That's what I've been feeling lately. And I really don't like it.
May/June is always a busy time of year around here. My job is at it's busiest during the summer (except for next week...it's the one slow week.) It's stressful and a major time suck, just when my personal life heats up and becomes even busier with end of school year functions. And this year I felt the pressure even more to be there for my kidlins, since they were milestone celebrations.

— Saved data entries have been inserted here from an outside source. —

(* Let $A$ be a locally uniformly convex normed vector space over $\mathbb C$ and give $A^\vee$ the dual norm. Then on $\mathrm{Max}\,A$ the lower Vietoris topology coincides with the topology generated by the sets $\{V\in\mathrm{Max}\,A: d(\phi,F(V))>r\}$, $\phi\in A^\vee$, $r>0$.
   Context: $\mathrm{Max}\,A$ is the set of closed subspaces of $A$; its lower Vietoris topology is generated by $\{V:V\cap U\ne\emptyset\}$, $U\subset A$ open. $F(V)=\{\phi\in A^\vee:\phi|_V=0\}$ and $d$ is the distance in the dual norm. $A$ is locally uniformly convex if for all $a\in A$ and sequences $(a_n)$ in $A$, $\lim(2\|a\|^2+2\|a_n\|^2-\|a+a_n\|^2)=0$ implies $\lim\|a-a_n\|=0$. *)

From HB Require Import structures.
From mathcomp Require Import all_boot all_order all_algebra.
From mathcomp Require Import complex.
From mathcomp Require Import all_classical all_reals all_analysis.
Import numFieldTopology.Exports numFieldNormedType.Exports.
Import Order.TTheory GRing.Theory Num.Theory.

Set Implicit Arguments.
Unset Strict Implicit.
Unset Printing Implicit Defensive.

Local Open Scope classical_set_scope.
Local Open Scope ring_scope.

Definition Cx (R : realType) : numClosedFieldType := R[i].

Definition is_topology (T : Type) (O : set (set T)) : Prop :=
  O setT /\
  (forall U V, O U -> O V -> O (U `&` V)) /\
  (forall F : set (set T), F `<=` O -> O (\bigcup_(U in F) U)).

Definition generated_topology (T : Type) (S : set (set T)) : set (set T) :=
  [set U | forall O, is_topology O -> S `<=` O -> O U].

Section Defs.
Variables (R : realType) (A : normedModType R[i]).

Definition locally_uniformly_convex : Prop :=
  forall (a : A) (u : nat -> A),
    (fun n => (2 * `|a| ^+ 2 + 2 * `|u n| ^+ 2 - `|a + u n| ^+ 2 : Cx R))
      @ \oo --> (0 : Cx R) ->
    (fun n => (`|a - u n| : Cx R)) @ \oo --> (0 : Cx R).

Definition is_dual (phi : A -> Cx R) : Prop :=
  (forall a b : A, phi (a + b) = phi a + phi b) /\
  (forall (c : R[i]) (a : A), phi (c *: a) = c * phi a) /\
  continuous phi.

(* Dual norm (norms are real, so we take real parts to land in R). *)
Definition dual_norm (phi : A -> Cx R) : \bar R :=
  ereal_sup [set (complex.Re (`|phi a| : R[i]))%:E | a in [set a : A | `|a| <= 1]].

(* F(V) = annihilator of V in A^\vee. *)
Definition annihilator (V : set A) : set (A -> Cx R) :=
  [set psi | is_dual psi /\ (forall v, V v -> psi v = 0)].

Definition dual_dist (phi : A -> Cx R) (W : set (A -> Cx R)) : \bar R :=
  ereal_inf [set dual_norm (fun a => phi a - psi a) | psi in W].

Definition closed_subspace (V : set A) : Prop :=
  closed V /\ V 0 /\
  (forall u v, V u -> V v -> V (u + v)) /\
  (forall (c : R[i]) u, V u -> V (c *: u)).

Definition MaxA := {V : set A | closed_subspace V}.

Definition lower_vietoris_subbasis : set (set MaxA) :=
  [set S | exists U : set A, open U /\
           S = [set V : MaxA | (proj1_sig V `&` U) !=set0]].

Definition dual_dist_subbasis : set (set MaxA) :=
  [set S | exists (phi : A -> Cx R) (r : R), is_dual phi /\ 0 < r /\
           S = [set V : MaxA | (r%:E < dual_dist phi (annihilator (proj1_sig V)))%E]].

End Defs.

(* The sets {V | d(phi, F(V)) > r} are lower Vietoris open: by Hahn-Banach,
   d(phi, F(V)) is the norm of the restriction of phi to V, so d(phi, F(V)) > r
   iff V meets the open cone {a | r |a| < |phi a|}.  Conversely, let V0 meet an
   open set U at v0 <> 0 (if 0 is in U, every V meets U) and let phi be a norming
   functional for v0: |phi| = 1 and phi v0 = |v0|.  If d(phi, F(V)) > 1 - d, then
   V contains w with |w| <= |v0| and phi w > (1 - d) |v0|, so |v0 + w| > (2 - d) |v0|
   and the convexity defect 2|v0|^2 + 2|w|^2 - |v0 + w|^2 is below 4 d |v0|^2.  By
   local uniform convexity w is then close to v0, hence in U, once d is small:
   {V | d(phi, F(V)) > 1 - d} is a neighbourhood of V0 contained in {V | V meets U}. *)

From HB Require Import structures.
From mathcomp Require Import all_boot all_order all_algebra.
From mathcomp Require Import complex.
From mathcomp Require Import all_classical all_reals all_analysis.
From mathcomp Require Import ring lra.
Import numFieldTopology.Exports numFieldNormedType.Exports.
Import Order.TTheory GRing.Theory Num.Theory.

Set Implicit Arguments.
Unset Strict Implicit.
Unset Printing Implicit Defensive.
Local Open Scope classical_set_scope.
Local Open Scope ring_scope.

Section RealNorm.
Variable R : realType.
Local Notation C := R[i].

Definition rnorm {V : normedZmodType C} (x : V) : R := complex.Re `|x|.

Lemma normE (V : normedZmodType C) (x : V) : `|x| = (rnorm x)%:C%C.
Proof. by rewrite /rnorm RRe_real // ger0_real. Qed.

Lemma rnorm_ge0 (V : normedZmodType C) (x : V) : 0 <= rnorm x.
Proof. by have := normr_ge0 x; rewrite normE ler0c. Qed.

Lemma ler_rnormD (V : normedZmodType C) (x y : V) : rnorm (x + y) <= rnorm x + rnorm y.
Proof. by have := ler_normD x y; rewrite !normE -rmorphD lecR. Qed.

Lemma rnormN (V : normedZmodType C) (x : V) : rnorm (- x) = rnorm x.
Proof. by rewrite /rnorm normrN. Qed.

Lemma rnorm0 (V : normedZmodType C) : rnorm (0 : V) = 0.
Proof. by rewrite /rnorm normr0. Qed.

Lemma rnorm_eq0 (V : normedZmodType C) (x : V) : (rnorm x == 0) = (x == 0).
Proof. by rewrite -[RHS]normr_eq0 normE -(rmorph0 (real_complex R)) (inj_eq (@complexI R)). Qed.

Lemma rnorm_gt0 (V : normedZmodType C) (x : V) : (0 < rnorm x) = (x != 0).
Proof. by rewrite lt_neqAle rnorm_ge0 andbT eq_sym rnorm_eq0. Qed.

Lemma rnormZ (V : normedModType C) (k : C) (x : V) : rnorm (k *: x) = rnorm k * rnorm x.
Proof. by apply: complexI; rewrite -normE normrZ !normE -rmorphM. Qed.

Lemma rnormM (x y : C) : rnorm (x * y) = rnorm x * rnorm y.
Proof. by apply: complexI; rewrite -normE normrM !normE -rmorphM. Qed.

Lemma rnormC (a : R) : rnorm (a%:C%C : C) = `|a|.
Proof. by rewrite /rnorm normc_def /= expr0n /= addr0 sqrtr_sqr. Qed.

Lemma rnorm_ltE (V : normedZmodType C) (x : V) (e : C) : 0 < e ->
  (`|x| < e) = (rnorm x < complex.Re e).
Proof. by move=> e0; rewrite normE ltcE /= (ger0_Im (ltW e0)) eqxx. Qed.

Lemma rnorm_leE (V : normedZmodType C) (x : V) (e : C) : 0 <= e ->
  (`|x| <= e) = (rnorm x <= complex.Re e).
Proof. by move=> e0; rewrite normE lecE /= (ger0_Im e0) eqxx. Qed.

Lemma Re_le_rnorm (z : C) : complex.Re z <= rnorm z.
Proof.
have := normc_ge_Re z; rewrite normE lecR => h.
exact: le_trans (ler_norm _) h.
Qed.

Lemma exists_unit_mul_rnorm (z : C) : exists a : C, rnorm a = 1 /\ a * z = (rnorm z)%:C%C.
Proof.
have [->|z0] := eqVneq z 0; first by exists 1; rewrite rnorm0 mulr0 /rnorm normr1.
have nz0 : rnorm z != 0 by rewrite rnorm_eq0.
exists ((z^*)%C * ((rnorm z)^-1)%:C%C); split.
  by rewrite rnormM {1}/rnorm normcJ -/(rnorm z) rnormC ger0_norm ?invr_ge0 ?rnorm_ge0 ?mulfV.
rewrite mulrAC -[X in X * _]mulrC -(sqr_normc z) normE.
by rewrite expr2 -mulrA -rmorphM mulfV // mulr1.
Qed.

Lemma continuous_rnormP (T : topologicalType) (V : normedModType C) (f : T -> V) x :
  (forall e : R, 0 < e -> \forall y \near x, rnorm (f x - f y) < e) ->
  {for x, continuous f}.
Proof.
move=> H; apply/cvgrPdist_lt => e e0.
have eR : 0 < complex.Re e by move: e0; rewrite ltcE => /andP[].
by apply: filterS (H _ eR) => y; rewrite rnorm_ltE.
Qed.

Lemma near_rnorm_lt (T : topologicalType) (V : normedModType C) (f : T -> V) x (e : R) :
  {for x, continuous f} -> 0 < e -> \forall y \near x, rnorm (f x - f y) < e.
Proof.
move=> fx e0; have eC : (0 : C) < e%:C%C by rewrite ltcR.
by apply: filterS (@cvgr_dist_lt _ _ _ (nbhs x) _ f _ fx _ eC) => y; rewrite rnorm_ltE.
Qed.

End RealNorm.

Section RealHahnBanach.
Variables (R : realType) (A : normedModType R[i]) (c : R).
Hypothesis c_ge0 : 0 <= c.

Lemma scale_realCK (s : R) (x : A) : s != 0 -> s%:C%C *: ((s^-1)%:C%C *: x) = x.
Proof. by move=> s0; rewrite scalerA -rmorphM mulfV // rmorph1 scale1r. Qed.

Lemma rnormZ_gt0 (s : R) (x : A) : 0 < s -> rnorm (s%:C%C *: x) = s * rnorm x.
Proof. by move=> s0; rewrite rnormZ rnormC gtr0_norm. Qed.

(* Partial functionals are encoded by their graphs, so that Zorn's lemma applies. *)
Definition bounded_rgraph (G : set (A * R)) : Prop :=
 [/\ G (0, 0),
   (forall x y a b, G (x, a) -> G (y, b) -> G (x + y, a + b)),
   (forall (r : R) x a, G (x, a) -> G (r%:C%C *: x, r * a)),
   (forall x a b, G (x, a) -> G (x, b) -> a = b) &
   (forall x a, G (x, a) -> a <= c * rnorm x)].

Lemma bounded_rgraphN G x a : bounded_rgraph G -> G (x, a) -> G (- x, - a).
Proof.
case=> _ _ Gsc _ _ /(Gsc (-1)).
by rewrite rmorphN rmorph1 scaleN1r mulN1r.
Qed.

Definition graph_ext (G : set (A * R)) x0 t0 : set (A * R) :=
  [set p | exists d b (s : R), G (d, b) /\ p = (d + s%:C%C *: x0, b + s * t0)].

Lemma graph_ext_sub G x0 t0 : G `<=` graph_ext G x0 t0.
Proof.
case=> d b Gdb; exists d, b, 0; split => //.
by rewrite rmorph0 scale0r addr0 mul0r addr0.
Qed.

But what's really dragging me down is missing my husband. It's nothing big that causes it, but a million little things every day. Finding maggots in both of our outside trash cans, and knowing that I'll have to clean them out Wednesday night after the trash people come. Deep cleaning our "den" all by myself, and still having o take care the laundry and dinner. Seeing someone drive by on a motorcycle, and realizing that we won't be enjoying that freedom this summer. Trying to determine when we might be able to go to the beach and drive the jeep up on the sand and realizing how much work it will be alone. Not having my best friend to go out with, snuggle with, or throw up my hands and stalk out of the room from. And a zillion more. I think it's a combination of the (relatively) short time he has left in this deployment, and realizing at the same time that my favorite season will be gone by the time he does come home. I never realized before how much I loved summer, and the many things we do as a family and couple. And I'm missing that.
On top of that, I had to have fillings replaced twice over the last two weeks, and yesterdays was a major suck...of time, energy, and happiness. It was a hour and half procedure, during which I fought to not hyperventilate or pass out. And my mouth continued to hurt for hours after the numbness wore off. Dinner consisted of grilled cheese and a milkshake. And for a few minutes, I sat there and wallowed in the self-pity that I still had to take Monster to Martial Arts, get them showered and fed and tucked in bed, because I'm currently a single parent. But then I was reminded how lucky I am.
He may be a world away from me tonight, but he loves me. And we are in this together, no matter what. When this deployment ends, he will come home to me. And I will get the chance to fight and yell and love and touch him. There are others that don't get that chance.